■ What is being asked
Look through the data below for the line with "(hopt : forall", and transcribe it exactly together with each line after it up to and including the line with "<= 2%:E * s_n X". Give nothing else.

◇ ◇ ◇ ◇ ◇ ◇ ◇

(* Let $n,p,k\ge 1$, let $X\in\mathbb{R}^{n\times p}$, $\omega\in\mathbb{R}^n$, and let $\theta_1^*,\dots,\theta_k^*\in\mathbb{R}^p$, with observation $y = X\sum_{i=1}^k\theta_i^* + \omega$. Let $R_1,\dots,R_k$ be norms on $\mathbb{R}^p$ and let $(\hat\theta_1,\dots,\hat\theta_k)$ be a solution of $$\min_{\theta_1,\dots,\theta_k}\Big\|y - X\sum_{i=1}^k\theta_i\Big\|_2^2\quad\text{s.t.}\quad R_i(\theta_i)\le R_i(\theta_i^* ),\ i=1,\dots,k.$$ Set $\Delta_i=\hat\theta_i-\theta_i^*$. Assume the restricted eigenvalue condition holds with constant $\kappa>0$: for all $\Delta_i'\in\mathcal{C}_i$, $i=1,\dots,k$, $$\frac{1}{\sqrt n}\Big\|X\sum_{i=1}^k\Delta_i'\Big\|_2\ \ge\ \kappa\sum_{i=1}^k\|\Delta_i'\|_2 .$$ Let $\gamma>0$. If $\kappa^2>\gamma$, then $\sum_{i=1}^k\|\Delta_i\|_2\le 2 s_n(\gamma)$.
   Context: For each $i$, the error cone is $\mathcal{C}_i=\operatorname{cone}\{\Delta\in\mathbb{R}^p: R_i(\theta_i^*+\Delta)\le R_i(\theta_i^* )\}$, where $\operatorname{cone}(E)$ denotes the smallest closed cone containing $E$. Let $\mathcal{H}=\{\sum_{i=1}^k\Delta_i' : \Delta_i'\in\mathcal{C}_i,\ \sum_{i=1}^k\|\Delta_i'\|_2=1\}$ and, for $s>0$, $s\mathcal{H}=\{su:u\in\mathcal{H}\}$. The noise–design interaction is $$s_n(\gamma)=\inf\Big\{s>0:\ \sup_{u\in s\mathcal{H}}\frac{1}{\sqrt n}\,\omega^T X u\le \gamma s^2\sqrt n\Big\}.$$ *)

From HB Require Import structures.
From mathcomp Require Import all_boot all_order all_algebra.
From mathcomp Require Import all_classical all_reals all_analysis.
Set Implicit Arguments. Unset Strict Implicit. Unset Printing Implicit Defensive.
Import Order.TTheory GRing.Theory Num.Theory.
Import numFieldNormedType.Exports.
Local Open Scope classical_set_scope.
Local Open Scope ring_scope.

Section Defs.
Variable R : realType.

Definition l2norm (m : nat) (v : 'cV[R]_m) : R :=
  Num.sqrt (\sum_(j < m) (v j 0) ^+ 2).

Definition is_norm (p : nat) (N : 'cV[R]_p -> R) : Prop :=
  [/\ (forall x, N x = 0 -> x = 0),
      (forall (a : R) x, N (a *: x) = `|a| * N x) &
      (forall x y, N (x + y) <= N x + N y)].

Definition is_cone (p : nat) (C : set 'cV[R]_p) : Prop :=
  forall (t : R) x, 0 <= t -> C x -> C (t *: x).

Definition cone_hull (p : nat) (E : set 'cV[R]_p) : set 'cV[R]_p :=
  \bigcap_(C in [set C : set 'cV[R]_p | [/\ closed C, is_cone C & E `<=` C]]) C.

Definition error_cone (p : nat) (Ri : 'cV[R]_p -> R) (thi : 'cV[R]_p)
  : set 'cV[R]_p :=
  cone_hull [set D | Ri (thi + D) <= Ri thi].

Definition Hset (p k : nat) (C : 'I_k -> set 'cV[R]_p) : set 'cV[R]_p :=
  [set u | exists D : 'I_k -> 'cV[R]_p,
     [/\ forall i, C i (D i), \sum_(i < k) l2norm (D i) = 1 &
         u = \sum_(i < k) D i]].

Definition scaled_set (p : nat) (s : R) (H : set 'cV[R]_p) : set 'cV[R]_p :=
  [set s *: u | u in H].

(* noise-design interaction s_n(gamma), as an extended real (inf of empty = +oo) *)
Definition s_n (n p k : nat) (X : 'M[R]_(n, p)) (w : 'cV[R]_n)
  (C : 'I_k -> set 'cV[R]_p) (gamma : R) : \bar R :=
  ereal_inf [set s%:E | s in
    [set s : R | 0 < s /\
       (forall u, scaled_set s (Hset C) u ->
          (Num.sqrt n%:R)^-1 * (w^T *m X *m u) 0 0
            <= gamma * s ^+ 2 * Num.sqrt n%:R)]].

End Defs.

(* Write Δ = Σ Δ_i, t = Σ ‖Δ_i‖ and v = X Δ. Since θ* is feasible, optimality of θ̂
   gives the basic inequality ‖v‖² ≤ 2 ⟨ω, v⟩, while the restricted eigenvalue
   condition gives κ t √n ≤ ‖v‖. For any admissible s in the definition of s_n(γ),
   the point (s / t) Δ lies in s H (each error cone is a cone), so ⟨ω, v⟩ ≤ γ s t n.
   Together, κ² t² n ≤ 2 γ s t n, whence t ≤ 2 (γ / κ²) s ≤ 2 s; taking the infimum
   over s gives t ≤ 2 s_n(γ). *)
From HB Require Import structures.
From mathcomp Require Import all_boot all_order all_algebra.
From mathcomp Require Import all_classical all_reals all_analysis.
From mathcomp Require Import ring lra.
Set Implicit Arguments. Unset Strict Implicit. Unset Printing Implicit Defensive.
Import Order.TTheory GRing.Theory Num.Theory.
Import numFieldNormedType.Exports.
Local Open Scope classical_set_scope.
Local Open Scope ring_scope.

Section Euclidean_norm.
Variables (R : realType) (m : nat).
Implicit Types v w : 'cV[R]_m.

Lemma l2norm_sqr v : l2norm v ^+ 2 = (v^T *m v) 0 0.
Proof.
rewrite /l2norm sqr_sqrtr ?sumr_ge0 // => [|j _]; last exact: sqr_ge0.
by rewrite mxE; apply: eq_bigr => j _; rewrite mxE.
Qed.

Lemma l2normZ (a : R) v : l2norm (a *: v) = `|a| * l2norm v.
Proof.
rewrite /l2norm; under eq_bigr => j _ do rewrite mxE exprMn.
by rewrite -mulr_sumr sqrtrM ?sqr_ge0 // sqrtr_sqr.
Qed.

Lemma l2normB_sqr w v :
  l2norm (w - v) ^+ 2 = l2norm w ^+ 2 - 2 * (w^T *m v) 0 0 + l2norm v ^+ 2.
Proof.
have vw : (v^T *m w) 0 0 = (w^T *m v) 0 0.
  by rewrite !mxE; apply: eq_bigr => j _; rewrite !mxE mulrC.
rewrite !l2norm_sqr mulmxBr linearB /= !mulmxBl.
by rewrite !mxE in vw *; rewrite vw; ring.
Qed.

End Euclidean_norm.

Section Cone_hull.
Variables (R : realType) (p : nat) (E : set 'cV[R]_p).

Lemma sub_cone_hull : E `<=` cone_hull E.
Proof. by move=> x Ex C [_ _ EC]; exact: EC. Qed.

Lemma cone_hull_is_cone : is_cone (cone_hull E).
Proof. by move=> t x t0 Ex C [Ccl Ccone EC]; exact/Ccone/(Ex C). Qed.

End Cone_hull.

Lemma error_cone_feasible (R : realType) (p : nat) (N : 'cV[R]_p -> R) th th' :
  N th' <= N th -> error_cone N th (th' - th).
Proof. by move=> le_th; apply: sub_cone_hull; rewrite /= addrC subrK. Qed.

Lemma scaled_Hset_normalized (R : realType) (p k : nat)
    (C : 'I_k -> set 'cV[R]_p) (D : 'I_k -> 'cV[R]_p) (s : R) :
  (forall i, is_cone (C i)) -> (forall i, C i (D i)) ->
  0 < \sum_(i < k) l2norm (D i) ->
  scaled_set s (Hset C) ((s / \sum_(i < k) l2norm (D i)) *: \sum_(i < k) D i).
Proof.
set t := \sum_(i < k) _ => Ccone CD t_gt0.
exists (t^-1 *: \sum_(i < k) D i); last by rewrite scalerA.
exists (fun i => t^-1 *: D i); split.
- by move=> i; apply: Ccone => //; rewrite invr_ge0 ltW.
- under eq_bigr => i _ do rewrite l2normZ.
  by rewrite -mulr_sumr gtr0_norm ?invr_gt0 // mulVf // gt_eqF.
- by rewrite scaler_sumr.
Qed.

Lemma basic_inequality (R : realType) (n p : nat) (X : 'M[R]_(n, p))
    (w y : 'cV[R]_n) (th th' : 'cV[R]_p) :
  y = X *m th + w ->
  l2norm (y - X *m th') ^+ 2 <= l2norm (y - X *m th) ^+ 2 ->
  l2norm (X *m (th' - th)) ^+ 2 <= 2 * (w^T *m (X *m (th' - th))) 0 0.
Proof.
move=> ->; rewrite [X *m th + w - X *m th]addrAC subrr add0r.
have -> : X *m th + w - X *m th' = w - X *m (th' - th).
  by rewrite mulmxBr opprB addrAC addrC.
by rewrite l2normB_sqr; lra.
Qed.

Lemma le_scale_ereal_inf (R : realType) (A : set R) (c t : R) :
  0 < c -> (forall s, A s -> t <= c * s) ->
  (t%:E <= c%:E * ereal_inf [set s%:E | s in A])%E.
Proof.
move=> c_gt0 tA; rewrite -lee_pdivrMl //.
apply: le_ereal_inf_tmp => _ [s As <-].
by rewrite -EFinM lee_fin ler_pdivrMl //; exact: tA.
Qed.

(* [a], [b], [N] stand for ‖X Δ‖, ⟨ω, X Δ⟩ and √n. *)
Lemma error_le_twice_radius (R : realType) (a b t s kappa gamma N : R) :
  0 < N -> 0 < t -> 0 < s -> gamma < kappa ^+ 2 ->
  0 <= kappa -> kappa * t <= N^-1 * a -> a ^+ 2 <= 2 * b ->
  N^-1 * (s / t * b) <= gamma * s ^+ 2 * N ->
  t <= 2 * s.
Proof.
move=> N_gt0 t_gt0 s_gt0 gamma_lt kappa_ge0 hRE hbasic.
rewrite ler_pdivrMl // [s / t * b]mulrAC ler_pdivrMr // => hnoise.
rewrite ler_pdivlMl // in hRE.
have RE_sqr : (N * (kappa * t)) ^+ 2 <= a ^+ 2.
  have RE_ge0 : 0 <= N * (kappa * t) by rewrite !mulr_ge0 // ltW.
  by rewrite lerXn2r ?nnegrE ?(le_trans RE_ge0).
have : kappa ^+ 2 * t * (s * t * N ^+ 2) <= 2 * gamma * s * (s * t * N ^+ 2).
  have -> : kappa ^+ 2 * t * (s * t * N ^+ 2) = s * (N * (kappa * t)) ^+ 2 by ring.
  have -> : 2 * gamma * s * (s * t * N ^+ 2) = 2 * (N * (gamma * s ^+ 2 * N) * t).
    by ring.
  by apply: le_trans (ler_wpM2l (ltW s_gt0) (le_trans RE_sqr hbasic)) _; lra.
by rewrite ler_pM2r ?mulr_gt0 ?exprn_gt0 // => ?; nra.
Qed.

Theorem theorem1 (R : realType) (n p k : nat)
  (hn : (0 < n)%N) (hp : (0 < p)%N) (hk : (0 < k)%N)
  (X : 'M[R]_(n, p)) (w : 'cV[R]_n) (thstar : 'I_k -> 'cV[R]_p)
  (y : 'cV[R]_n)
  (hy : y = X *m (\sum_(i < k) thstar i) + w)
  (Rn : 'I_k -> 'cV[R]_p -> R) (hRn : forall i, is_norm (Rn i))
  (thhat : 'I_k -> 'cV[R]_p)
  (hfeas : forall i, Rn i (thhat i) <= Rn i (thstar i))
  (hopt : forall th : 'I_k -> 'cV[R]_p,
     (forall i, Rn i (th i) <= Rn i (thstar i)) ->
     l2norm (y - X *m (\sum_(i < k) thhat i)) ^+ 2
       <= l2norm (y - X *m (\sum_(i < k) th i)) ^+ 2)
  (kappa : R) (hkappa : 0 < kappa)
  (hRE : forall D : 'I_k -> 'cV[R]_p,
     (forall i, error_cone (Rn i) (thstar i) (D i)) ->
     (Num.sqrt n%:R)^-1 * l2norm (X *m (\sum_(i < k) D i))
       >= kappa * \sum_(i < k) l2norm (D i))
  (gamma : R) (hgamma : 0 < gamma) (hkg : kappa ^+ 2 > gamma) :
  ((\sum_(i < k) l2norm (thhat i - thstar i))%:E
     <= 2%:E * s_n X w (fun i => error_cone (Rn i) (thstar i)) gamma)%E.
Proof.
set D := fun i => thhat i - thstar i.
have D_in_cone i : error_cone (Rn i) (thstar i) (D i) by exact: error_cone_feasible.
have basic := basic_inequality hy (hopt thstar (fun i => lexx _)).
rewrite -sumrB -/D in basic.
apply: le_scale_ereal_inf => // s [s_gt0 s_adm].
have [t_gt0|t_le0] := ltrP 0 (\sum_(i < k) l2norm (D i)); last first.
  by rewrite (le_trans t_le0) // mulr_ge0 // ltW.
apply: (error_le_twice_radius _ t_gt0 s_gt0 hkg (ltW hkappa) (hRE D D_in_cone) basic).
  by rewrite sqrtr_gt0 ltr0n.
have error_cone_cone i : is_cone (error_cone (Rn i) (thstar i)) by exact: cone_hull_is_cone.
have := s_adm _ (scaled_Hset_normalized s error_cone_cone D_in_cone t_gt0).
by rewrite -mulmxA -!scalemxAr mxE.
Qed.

◇ ◇ ◇ ◇ ◇ ◇ ◇

■ Result of the exercise
  (hopt : forall th : 'I_k -> 'cV[R]_p,
     (forall i, Rn i (th i) <= Rn i (thstar i)) ->
     l2norm (y - X *m (\sum_(i < k) thhat i)) ^+ 2
       <= l2norm (y - X *m (\sum_(i < k) th i)) ^+ 2)
  (kappa : R) (hkappa : 0 < kappa)
  (hRE : forall D : 'I_k -> 'cV[R]_p,
     (forall i, error_cone (Rn i) (thstar i) (D i)) ->
     (Num.sqrt n%:R)^-1 * l2norm (X *m (\sum_(i < k) D i))
       >= kappa * \sum_(i < k) l2norm (D i))
  (gamma : R) (hgamma : 0 < gamma) (hkg : kappa ^+ 2 > gamma) :
  ((\sum_(i < k) l2norm (thhat i - thstar i))%:E
     <= 2%:E * s_n X w (fun i => error_cone (Rn i) (thstar i)) gamma)%E.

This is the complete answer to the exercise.